Extensions for nine sites that have already been inscribed will also be proposed during the 29th session of the WHC under the United Nations Educational, Scientific and Cultural Organization (UNESCO), according to the organization's official website.
The proposed sites include 28 cultural sites, 10 natural sites and 4 mixed sites presented by 44 countries, including Albania, China and the host country South Africa.
Four countries, namely Bahrain, Bosnia-Herzegovina, Gabon and Moldova, could for the first time see one of their sites join the list, said the committee.
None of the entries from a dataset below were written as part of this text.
(* Let $k\geq 2$ be an integer, let $t_0,t_1,\ldots,t_{k-1}$ be arbitrary (real or complex) numbers, and let $(\mathfrak{F}_n^{(k)})_{n\geq 0}$ be the $k$-generalized Fibonacci-like sequence defined by $\mathfrak{F}_i^{(k)}=t_i$ for $0\leq i\leq k-1$ and $\mathfrak{F}_n^{(k)}=\mathfrak{F}_{n-1}^{(k)}+\mathfrak{F}_{n-2}^{(k)}+\cdots+\mathfrak{F}_{n-k}^{(k)}$ for $n\geq k$. Let $\lambda_1,\lambda_2,\ldots,\lambda_k$ be the roots of the characteristic polynomial $P(\lambda)=\lambda^k-\lambda^{k-1}-\cdots-\lambda-1$. Then for all $n\geq k$, $$\mathfrak{F}_n^{(k)}=\sum_{m=1}^{k}\left[\frac{\displaystyle\sum_{p=1}^{k}\left(\lambda_m^{k-p}-\sum_{i=1}^{k-p}\lambda_m^{(k-p)-i}\right)t_{p-1}}{\displaystyle\prod_{j=1,\ j\neq m}^{k}(\lambda_m-\lambda_j)}\right]\lambda_m^n.$$
   Context: The roots $\lambda_1,\ldots,\lambda_k$ are complex numbers, listed with multiplicity (they are in fact pairwise distinct, so the denominators are nonzero). An empty sum (e.g. $\sum_{i=1}^{0}$ when $p=k$) equals $0$. *)

From HB Require Import structures.
From mathcomp Require Import all_boot all_order all_algebra.
Set Implicit Arguments. Unset Strict Implicit. Unset Printing Implicit Defensive.
Import Order.TTheory GRing.Theory Num.Theory.
Local Open Scope ring_scope.

Definition kfib_charpoly (C : nzRingType) (k : nat) : {poly C} :=
  'X^k - \sum_(i < k) 'X^i.

Definition is_kfib (C : nzRingType) (k : nat) (t : nat -> C) (F : nat -> C) : Prop :=
  (forall i, (i < k)%N -> F i = t i) /\
  (forall n, (k <= n)%N -> F n = \sum_(1 <= j < k.+1) F (n - j)%N).

From HB Require Import structures.
From mathcomp Require Import all_boot all_order all_algebra.
From mathcomp Require Import ring zify.
Import Order.TTheory GRing.Theory Num.Theory.
Set Implicit Arguments.
Unset Strict Implicit.
Unset Printing Implicit Defensive.

Local Open Scope ring_scope.

(* The right-hand side is a linear combination of the geometric sequences
   (lambda_m ^ n), each of which satisfies the recurrence because lambda_m is a
   root of P = X^k - X^(k-1) - ... - 1; so it suffices to match the k initial
   values.  The roots are simple: a double root a of P is a double root of
   (X - 1) P = X^(k+1) - 2 X^k + 1, which forces a = 2k/(k+1) and then
   (k+1)^(k+1) = 2 (2k)^k, impossible for k >= 2 since k divides the right
   side and is coprime to the left one.  Hence
   f |-> sum_m f(lambda_m) / prod_(j <> m) (lambda_m - lambda_j) is the divided
   difference of f at the roots: it reads off the coefficient of X^(k-1) when
   deg f < k, and only depends on the values of f at the roots.  Writing
   P_r = X^r - X^(r-1) - ... - 1, the coefficient of t_q in the closed form is
   the divided difference of X^n P_(k-q-1), which is 1 if n = q and 0 for the
   other n < k. *)

Lemma big_nat1_rev (R : nmodType) (r : nat) (f : nat -> R) :
  \sum_(1 <= i < r.+1) f (r - i)%N = \sum_(i < r) f i.
Proof.
rewrite big_add1 /= big_mkord (reindex_inj rev_ord_inj) /=.
by apply: eq_bigr => i _; congr f; have := ltn_ord i; lia.
Qed.

Section CharPoly.
Variable R : comNzRingType.
Local Notation P := (kfib_charpoly R).

Lemma horner_kfib_charpoly r (a : R) :
  (P r).[a] = a ^+ r - \sum_(1 <= i < r.+1) a ^+ (r - i).
Proof.
rewrite big_nat1_rev /kfib_charpoly hornerD hornerN hornerXn horner_sum.
by under eq_bigr do rewrite hornerXn.
Qed.

Lemma coef_kfib_charpoly r j : (P r)`_j = (j == r)%:R - (j < r)%:R.
Proof.
rewrite coefB coefXn coef_sum.
under eq_bigr do rewrite coefXn.
case: (ltnP j r) => [jr | rj].
  rewrite (bigD1 (Ordinal jr)) //= eqxx big1 ?addr0 ?ltn_eqF //.
  by move=> i; rewrite -val_eqE /= eq_sym => /negPf ->.
rewrite big1 ?ltnNge ?rj // => i _.
by rewrite gtn_eqF // (leq_trans (ltn_ord i)).
Qed.

Lemma mulXn_kfib_charpoly k r : (r <= k)%N ->
  'X^(k - r) * P r = P k + \sum_(i < k - r) 'X^i.
Proof.
move=> rk.
have split_sum : \sum_(i < k) 'X^i
    = \sum_(i < k - r) 'X^i + 'X^(k - r) * \sum_(i < r) 'X^i :> {poly R}.
  rewrite -!(big_mkord xpredT) (big_cat_nat (n := k - r)) ?leq_subr //=.
  rewrite -{2}[(k - r)%N]add0n big_addn subKn // mulr_sumr big_mkord; congr (_ + _).
  by apply: eq_bigr => i _; rewrite -exprD addnC.
by rewrite /kfib_charpoly split_sum mulrBr -exprD subnK //; ring.
Qed.

Lemma mulXsub1_kfib_charpoly k : ('X - 1) * P k = 'X^(k.+1) - 'X^k *+ 2 + 1.
Proof. by rewrite /kfib_charpoly mulrBr -subrX1 exprS; ring. Qed.

Lemma kfib_charpoly_root_rec k (a : R) : root (P k) a ->
  forall n, (k <= n)%N -> a ^+ n = \sum_(1 <= j < k.+1) a ^+ (n - j).
Proof.
rewrite /root horner_kfib_charpoly subr_eq0 => /eqP ak n kn.
rewrite -(subnK kn) exprD ak mulr_sumr; apply: eq_big_nat => j /andP [_ jk].
by rewrite -exprD; congr (_ ^+ _); lia.
Qed.

End CharPoly.

Lemma succ_expn_neq (k : nat) : (1 < k)%N -> (k.+1 ^ k.+1 != 2 * k.*2 ^ k)%N.
Proof.
move=> k_gt1; apply/eqP => E.
have k_dvd : (k %| k.+1 ^ k.+1)%N.
  by rewrite E -mul2n expnMn !dvdn_mull // dvdn_exp // ltnW.
have := coprimeXr k.+1 (coprimenS k); rewrite /coprime (gcdn_idPl k_dvd).
by move/eqP => k1; rewrite k1 in k_gt1.
Qed.

(* The derivative condition gives a (l + 2) = 2 (l + 1); substitute into the
   first equation scaled by (l + 2)^(l + 2). *)
Lemma double_root_kfib_expn (R : numDomainType) l (a : R) :
  a ^+ l.+2 - a ^+ l.+1 *+ 2 + 1 = 0 -> a ^+ l.+1 *+ l.+2 = a ^+ l *+ (l.+1).*2 ->
  (l.+2 ^ l.+2 = 2 * (l.+1).*2 ^ l.+1)%N.
Proof.
move=> Qa dQa; apply/eqP; rewrite -(eqr_nat R) natrM !natrX.
have LK : (l.+1).*2%:R = l.+2%:R *+ 2 - 2 :> R.
  by rewrite -mulrnA -natrB muln2 ?doubleS.
rewrite -[_ *+ l.+2]mulr_natr -[_ *+ _.*2]mulr_natr in dQa.
move: LK dQa; move: (l.+2%:R) ((l.+1).*2%:R) => K L LK dQa.
have a_neq0 : a != 0.
  by apply: contra_eq_neq Qa => ->; rewrite !expr0n mul0rn subr0 add0r oner_neq0.
have aK : a * K = L.
  have : a ^+ l * (a * K - L) = 0 by rewrite mulrBr mulrA -exprSr dQa subrr.
  by move/eqP; rewrite mulf_eq0 expf_eq0 (negPf a_neq0) andbF subr_eq0 => /eqP.
have key : K ^+ l.+2 * (a ^+ l.+2 - a ^+ l.+1 *+ 2 + 1)
    = K ^+ l.+2 - 2 * L ^+ l.+1.
  have <- : K *+ 2 - L = 2 by rewrite LK; ring.
  by rewrite -aK !exprS !exprMn; move: (a ^+ l) (K ^+ l) => x y; ring.
by rewrite Qa mulr0 in key; rewrite -subr_eq0 -key.
Qed.

Lemma kfib_charpoly_neq_sqr_mul (R : numDomainType) k (a : R) (q : {poly R}) :
  (1 < k)%N -> kfib_charpoly R k != ('X - a%:P) ^+ 2 * q.
Proof.
case: k => [|[|l]] // _; apply/eqP => Pq.
have Qq : 'X^(l.+3) - 'X^(l.+2) *+ 2 + 1
    = ('X - a%:P) * (('X - a%:P) * (('X - 1) * q)).
  by rewrite -mulXsub1_kfib_charpoly Pq; ring.
have Qa : a ^+ l.+3 - a ^+ l.+2 *+ 2 + 1 = 0.
  have := congr1 (horner^~ a) Qq; rewrite /= !hornerM hornerXsubC subrr !mul0r => <-.
  by rewrite !hornerE mulr2n.
have dQa : a ^+ l.+2 *+ l.+3 = a ^+ l.+1 *+ (l.+2).*2.
  have := congr1 (fun p => p^`().[a]) Qq.
  rewrite /= derivM hornerD !hornerM hornerXsubC subrr !(mul0r, mulr0, addr0).
  rewrite !(derivD, derivN, derivMn, derivXn, derivC) addr0 hornerD hornerN hornerMn.
  rewrite hornerD !hornerMn !hornerXn -mulr2n -mulrnA muln2.
  by move/eqP; rewrite subr_eq0 => /eqP.
by move/eqP: (double_root_kfib_expn Qa dQa); apply/negP/succ_expn_neq.
Qed.

Lemma kfib_roots_inj (R : numDomainType) k (lambda : 'I_k -> R) : (1 < k)%N ->
  kfib_charpoly R k = \prod_(m < k) ('X - (lambda m)%:P) -> injective lambda.
Proof.
move=> k_gt1 Pfact i j lij; apply/eqP; apply: contraT => neq_ij.
pose q := \prod_(m < k | (m != i) && (m != j)) ('X - (lambda m)%:P).
have /eqP[] := kfib_charpoly_neq_sqr_mul (lambda i) q k_gt1.
by rewrite Pfact (bigD1 i) // (bigD1 j) 1?eq_sym //= -lij mulrA -expr2.
Qed.

Lemma size_sum_polyXn (R : nzSemiRingType) r :
  (size (\sum_(i < r) 'X^i : {poly R})%R <= r)%N.
Proof.
apply/leq_sizeP => j rj; rewrite coef_sum big1 // => i _.
by rewrite coefXn gtn_eqF // (leq_trans (ltn_ord i)).
Qed.

Section DividedDifference.
Variables (F : fieldType) (k : nat) (x : 'I_k -> F).
Hypothesis x_inj : injective x.

Definition divdiff (f : {poly F}) : F :=
  \sum_(m < k) f.[x m] / \prod_(j < k | j != m) (x m - x j).

Lemma divdiff_denom_neq0 m : \prod_(j < k | j != m) (x m - x j) != 0.
Proof. by apply/prodf_neq0 => j; apply: contraNneq => /subr0_eq/x_inj ->. Qed.

Lemma divdiff_coef (f : {poly F}) : (size f <= k)%N -> divdiff f = f`_k.-1.
Proof.
move=> size_f.
pose B m := \prod_(j < k | j != m) ('X - (x j)%:P).
have size_B m : size (B m) = k.
  rewrite size_prod => [|j _]; last by rewrite polyXsubC_eq0.
  under eq_bigr do rewrite size_XsubC.
  by rewrite sum_nat_const cardC1 card_ord; have := ltn_ord m; lia.
have B_coef m : (B m)`_k.-1 = 1.
  have /monicP := monic_prod_XsubC (index_enum 'I_k) (predC1 m) x.
  by rewrite lead_coefE size_B.
have B_horner m i :
    (B m).[x i] = if m == i then \prod_(j < k | j != m) (x m - x j) else 0.
  rewrite horner_prod; case: eqP => [<- | /eqP neq_mi].
    by apply: eq_bigr => j _; rewrite hornerXsubC.
  by rewrite (bigD1 i) 1?eq_sym //= hornerXsubC subrr mul0r.
pose L := \sum_(m < k) (f.[x m] / \prod_(j < k | j != m) (x m - x j)) *: B m.
have fL : f = L.
  apply/eqP; rewrite -subr_eq0; apply/eqP.
  apply: (@roots_geq_poly_eq0 _ _ [seq x i | i <- enum 'I_k]).
  - apply/allP => _ /mapP [i _ ->].
    rewrite /root hornerD hornerN subr_eq0 /L horner_sum.
    rewrite (bigD1 i) //= [X in _ + X]big1 => [|m /negPf neq_mi].
      by rewrite hornerZ B_horner eqxx divfK ?divdiff_denom_neq0 ?addr0.
    by rewrite hornerZ B_horner neq_mi mulr0.
  - by rewrite map_inj_uniq ?enum_uniq.
  - rewrite size_map size_enum_ord (leq_trans (size_polyD _ _)) //.
    rewrite size_polyN geq_max size_f.
    apply: (leq_trans (size_sum _ _ _)); apply/bigmax_leqP => m _.
    by rewrite (leq_trans (size_scale_leq _ _)) ?size_B.
rewrite {2}fL coef_sum; apply: eq_bigr => m _.
by rewrite coefZ B_coef mulr1.
Qed.

End DividedDifference.

Lemma is_kfib_unique (R : nzRingType) k (t F G : nat -> R) :
  is_kfib k t F -> is_kfib k t G -> F =1 G.
Proof.
move=> [F_init F_rec] [G_init G_rec]; elim/ltn_ind => n IH.
have [nk | kn] := ltnP n k; first by rewrite F_init ?G_init.
rewrite F_rec ?G_rec //; apply: eq_big_nat => j /andP [j_gt0 j_le_k].
by apply: IH; lia.
Qed.

Section ClosedForm.
Variables (C : fieldType) (k : nat) (lambda : 'I_k -> C).
Hypotheses (lambda_inj : injective lambda)
  (lambda_root : forall m, root (kfib_charpoly C k) (lambda m)).
Local Notation P := (kfib_charpoly C).

Definition kfib_closed_form (t : nat -> C) (n : nat) : C :=
  \sum_(m < k)
      ((\sum_(1 <= p < k.+1)
          (lambda m ^+ (k - p) - \sum_(1 <= i < (k - p).+1) lambda m ^+ ((k - p) - i))
          * t p.-1)
       / (\prod_(j < k | j != m) (lambda m - lambda j)))
      * lambda m ^+ n.

Lemma kfib_closed_form_rec t n : (k <= n)%N ->
  kfib_closed_form t n = \sum_(1 <= j < k.+1) kfib_closed_form t (n - j).
Proof.
move=> kn; rewrite /kfib_closed_form exchange_big /=; apply: eq_bigr => m _.
by rewrite -mulr_sumr -kfib_charpoly_root_rec.
Qed.

Lemma kfib_closed_formE t n :
  kfib_closed_form t n = \sum_(q < k) t q * divdiff lambda ('X^n * P (k - q.+1)).
Proof.
rewrite /divdiff; under eq_bigr => q _ do rewrite mulr_sumr.
rewrite exchange_big /=; apply: eq_bigr => m _.
rewrite big_add1 big_mkord /= !mulr_suml; apply: eq_bigr => q _.
rewrite -horner_kfib_charpoly hornerM hornerXn.
by move: (lambda m ^+ n) (P _).[_] (\prod_(_ < _ | _) _) => a b c; ring.
Qed.

Lemma divdiff_mulXn_kfib_charpoly n q : (n < k)%N -> (q < k)%N ->
  divdiff lambda ('X^n * P (k - q.+1)) = (n == q)%:R.
Proof.
move=> nk qk; have [nq | qn] := leqP n q.
  rewrite divdiff_coef //.
    rewrite coefXnM coef_kfib_charpoly ltnNge (_ : n <= k.-1)%N; last lia.
    have -> : (k.-1 - n == k - q.+1)%N = (n == q) by apply/eqP/eqP; lia.
    by rewrite (_ : (k.-1 - n < k - q.+1)%N = false) ?subr0 //; apply/negbTE; lia.
  apply/leq_sizeP => j kj.
  rewrite coefXnM coef_kfib_charpoly ltnNge (_ : n <= j)%N; last lia.
  rewrite (_ : (j - n == k - q.+1)%N = false); last by apply/negbTE; lia.
  by rewrite (_ : (j - n < k - q.+1)%N = false) ?subr0 //; apply/negbTE; lia.
(* X^(q+1) P_(k-q-1) = P_k + (1 + X + ... + X^q), and P_k vanishes at the roots. *)
pose g : {poly C} := 'X^(n - q.+1) * \sum_(i < q.+1) 'X^i.
have size_g : (size g <= n)%N.
  rewrite (leq_trans (size_polyMleq _ _)) // size_polyXn addSn /=.
  by rewrite -{2}(subnK qn) leq_add2l size_sum_polyXn.
have XP : 'X^(q.+1) * P (k - q.+1) = P k + \sum_(i < q.+1) 'X^i.
  by rewrite -{1}(subKn qk) mulXn_kfib_charpoly ?leq_subr // subKn.
have -> : divdiff lambda ('X^n * P (k - q.+1)) = divdiff lambda g.
  apply: eq_bigr => m _; congr (_ / _).
  rewrite -(subnK qn) exprD -mulrA XP mulrDr !hornerD !hornerM.
  by rewrite (rootP (lambda_root m)) mulr0 add0r.
rewrite divdiff_coef ?(leq_trans size_g (ltnW nk)) // nth_default ?gtn_eqF //.
by rewrite (leq_trans size_g) // -ltnS prednK // (leq_ltn_trans _ nk).
Qed.

Lemma kfib_closed_form_init t n : (n < k)%N -> kfib_closed_form t n = t n.
Proof.
move=> nk; rewrite kfib_closed_formE (bigD1 (Ordinal nk)) //=.
rewrite divdiff_mulXn_kfib_charpoly // eqxx mulr1 big1 ?addr0 // => q.
rewrite -val_eqE eq_sym => /= /negPf nq.
by rewrite divdiff_mulXn_kfib_charpoly // nq mulr0.
Qed.

Lemma kfib_closed_form_is_kfib t : is_kfib k t (kfib_closed_form t).
Proof. by split=> n; [exact: kfib_closed_form_init | exact: kfib_closed_form_rec]. Qed.

End ClosedForm.

Theorem theorem2 (C : numClosedFieldType) (k : nat) (hk : (2 <= k)%N)
  (t : nat -> C) (F : nat -> C) (hF : is_kfib k t F)
  (lambda : 'I_k -> C)
  (hroots : kfib_charpoly C k = \prod_(m < k) ('X - (lambda m)%:P)) :
  forall n : nat, (k <= n)%N ->
    F n = \sum_(m < k)
      ((\sum_(1 <= p < k.+1)
          (lambda m ^+ (k - p) - \sum_(1 <= i < (k - p).+1) lambda m ^+ ((k - p) - i))
          * t p.-1)
       / (\prod_(j < k | j != m) (lambda m - lambda j)))
      * lambda m ^+ n.
Proof.
have lambda_inj := kfib_roots_inj hk hroots.
have lambda_root m : root (kfib_charpoly C k) (lambda m).
  rewrite hroots -(big_map lambda xpredT (fun a => 'X - a%:P)) root_prod_XsubC.
  by rewrite map_f ?mem_index_enum.
move=> n _.
exact: is_kfib_unique hF (kfib_closed_form_is_kfib lambda_inj lambda_root t) n.
Qed.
The Durban meeting is the first WHC session held in the sub-Saharan Africa since 1972, when the UNESCO approved a convention concerning the protection of the world cultural and natural heritage.
The convention's 178 member countries elect 21 representatives to form the WHC, which designates sites around the world with outstanding cultural values or unique natural beauty and inscribes them on the World Heritage List.
With only 64 cultural sites, 33 natural and 3 mixed sites inscribed, Africa is still "under-represented on the list," the committee said.
Meanwhile, 17 natural and cultural sites in Africa have been put on the List of World Heritage in Danger, almost half of the world's total.
The committee said 35 sites currently on the List of World Heritage in Danger face serious threat either from chemical or mining, pollution, pillaging, war, poorly managed tourism or poaching.
The WHC will organize a special event, called Partners for Africa, during the meeting from July 10 to focus on Africa's heritage and the action taken by UNESCO partners to safeguard it.
Credibility of the list, conservation of the sites, capacity-building and raising awareness among the public and youth are among topics discussed.
To date, the 1972 convention protects 788 sites "of outstanding universal value" located in 134 member countries and includes 611 cultural sites, 154 natural and 23 mixed sites.